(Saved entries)
# # # # # # #

Lemma row_system_setU_fresh (R : set (T * nat * T)) (x : nat -> T) :
  row_system R -> injective x -> (forall k, ~ row_index R (x k)) ->
  (forall k, C (Cantor.of_nat k).2 (x k)) -> row_system (R `|` fresh_rows x).
Proof.
move=> Rrow xinj xR xC.
have R_index j n y : R (j, n, y) -> row_index R y.
  by move=> Ry; apply/(row_term_index Rrow); exists j, n.
have fresh_index a (n : nat) : row_index (fresh_rows x) (x a).
  by exists n, (x (Cantor.to_nat (a, n))), a, n.
split.
- move=> j n y y' [Ry|[a [n1 [ej en ey]]]] [Ry'|[b [n2 [ej' en' ey']]]]; subst.
  + exact (row_functional Rrow Ry Ry').
  + by case: (xR b); exists n2, y.
  + by case: (xR a); exists n1, y'.
  + by move: ej' => /xinj ->.
- move=> j j' n m y [Ry|[a [n1 [-> -> ey]]]] [Ry'|[b [n2 [-> -> ey']]]].
  + exact (row_term_inj Rrow Ry Ry').
  + by case: (xR (Cantor.to_nat (b, n2))); rewrite -ey'; exact: R_index Ry.
  + by case: (xR (Cantor.to_nat (a, n1))); rewrite -ey; exact: R_index Ry'.
  + move: ey'; rewrite ey => /xinj /(congr1 Cantor.of_nat).
    by rewrite !Cantor.cancel_of_to => -[-> ->].
- move=> j n y m [Ry|[a [n1 [ej _ _]]]]; subst.
  + by have [y' Ry'] := row_total Rrow m Ry; exists y'; left.
  + by exists (x (Cantor.to_nat (a, m))); right; exists a, m.
- move=> y; split.
  + move=> [j [n [Ry|[a [n1 [_ _ ->]]]]]].
    * by have [n' [y' Ry']] := R_index _ _ _ Ry; exists n', y'; left.
    * by have [n' [y' Ry']] := fresh_index (Cantor.to_nat (a, n1)) 0; exists n', y'; right.
  + move=> [n [y' [Ry'|[a [n1 [-> _ _]]]]]].
    * have [j [n' Rj]] : exists j n, R (j, n, y).
        by apply/(row_term_index Rrow); exists n, y'.
      by exists j, n'; left.
    * exists (x (Cantor.of_nat a).1), (Cantor.of_nat a).2; right.
      exists (Cantor.of_nat a).1, (Cantor.of_nat a).2.
      by rewrite -surjective_pairing Cantor.cancel_to_of.
- move=> j n y [Ry|[a [n1 [_ -> ->]]]]; first exact (row_term_in Rrow Ry).
  by have := xC (Cantor.to_nat (a, n1)); rewrite Cantor.cancel_of_to.
Qed.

# # # # # # #

Task ▸
Repeat the lines from the first one in the records through the line containing "(Cantor.of_nat a).2; right.", exactly as written, and nothing else.

Answer space ▸
Lemma row_system_setU_fresh (R : set (T * nat * T)) (x : nat -> T) :
  row_system R -> injective x -> (forall k, ~ row_index R (x k)) ->
  (forall k, C (Cantor.of_nat k).2 (x k)) -> row_system (R `|` fresh_rows x).
Proof.
move=> Rrow xinj xR xC.
have R_index j n y : R (j, n, y) -> row_index R y.
  by move=> Ry; apply/(row_term_index Rrow); exists j, n.
have fresh_index a (n : nat) : row_index (fresh_rows x) (x a).
  by exists n, (x (Cantor.to_nat (a, n))), a, n.
split.
- move=> j n y y' [Ry|[a [n1 [ej en ey]]]] [Ry'|[b [n2 [ej' en' ey']]]]; subst.
  + exact (row_functional Rrow Ry Ry').
  + by case: (xR b); exists n2, y.
  + by case: (xR a); exists n1, y'.
  + by move: ej' => /xinj ->.
- move=> j j' n m y [Ry|[a [n1 [-> -> ey]]]] [Ry'|[b [n2 [-> -> ey']]]].
  + exact (row_term_inj Rrow Ry Ry').
  + by case: (xR (Cantor.to_nat (b, n2))); rewrite -ey'; exact: R_index Ry.
  + by case: (xR (Cantor.to_nat (a, n1))); rewrite -ey; exact: R_index Ry'.
  + move: ey'; rewrite ey => /xinj /(congr1 Cantor.of_nat).
    by rewrite !Cantor.cancel_of_to => -[-> ->].
- move=> j n y m [Ry|[a [n1 [ej _ _]]]]; subst.
  + by have [y' Ry'] := row_total Rrow m Ry; exists y'; left.
  + by exists (x (Cantor.to_nat (a, m))); right; exists a, m.
- move=> y; split.
  + move=> [j [n [Ry|[a [n1 [_ _ ->]]]]]].
    * by have [n' [y' Ry']] := R_index _ _ _ Ry; exists n', y'; left.
    * by have [n' [y' Ry']] := fresh_index (Cantor.to_nat (a, n1)) 0; exists n', y'; right.
  + move=> [n [y' [Ry'|[a [n1 [-> _ _]]]]]].
    * have [j [n' Rj]] : exists j n, R (j, n, y).
        by apply/(row_term_index Rrow); exists n, y'.
      by exists j, n'; left.
    * exists (x (Cantor.of_nat a).1), (Cantor.of_nat a).2; right.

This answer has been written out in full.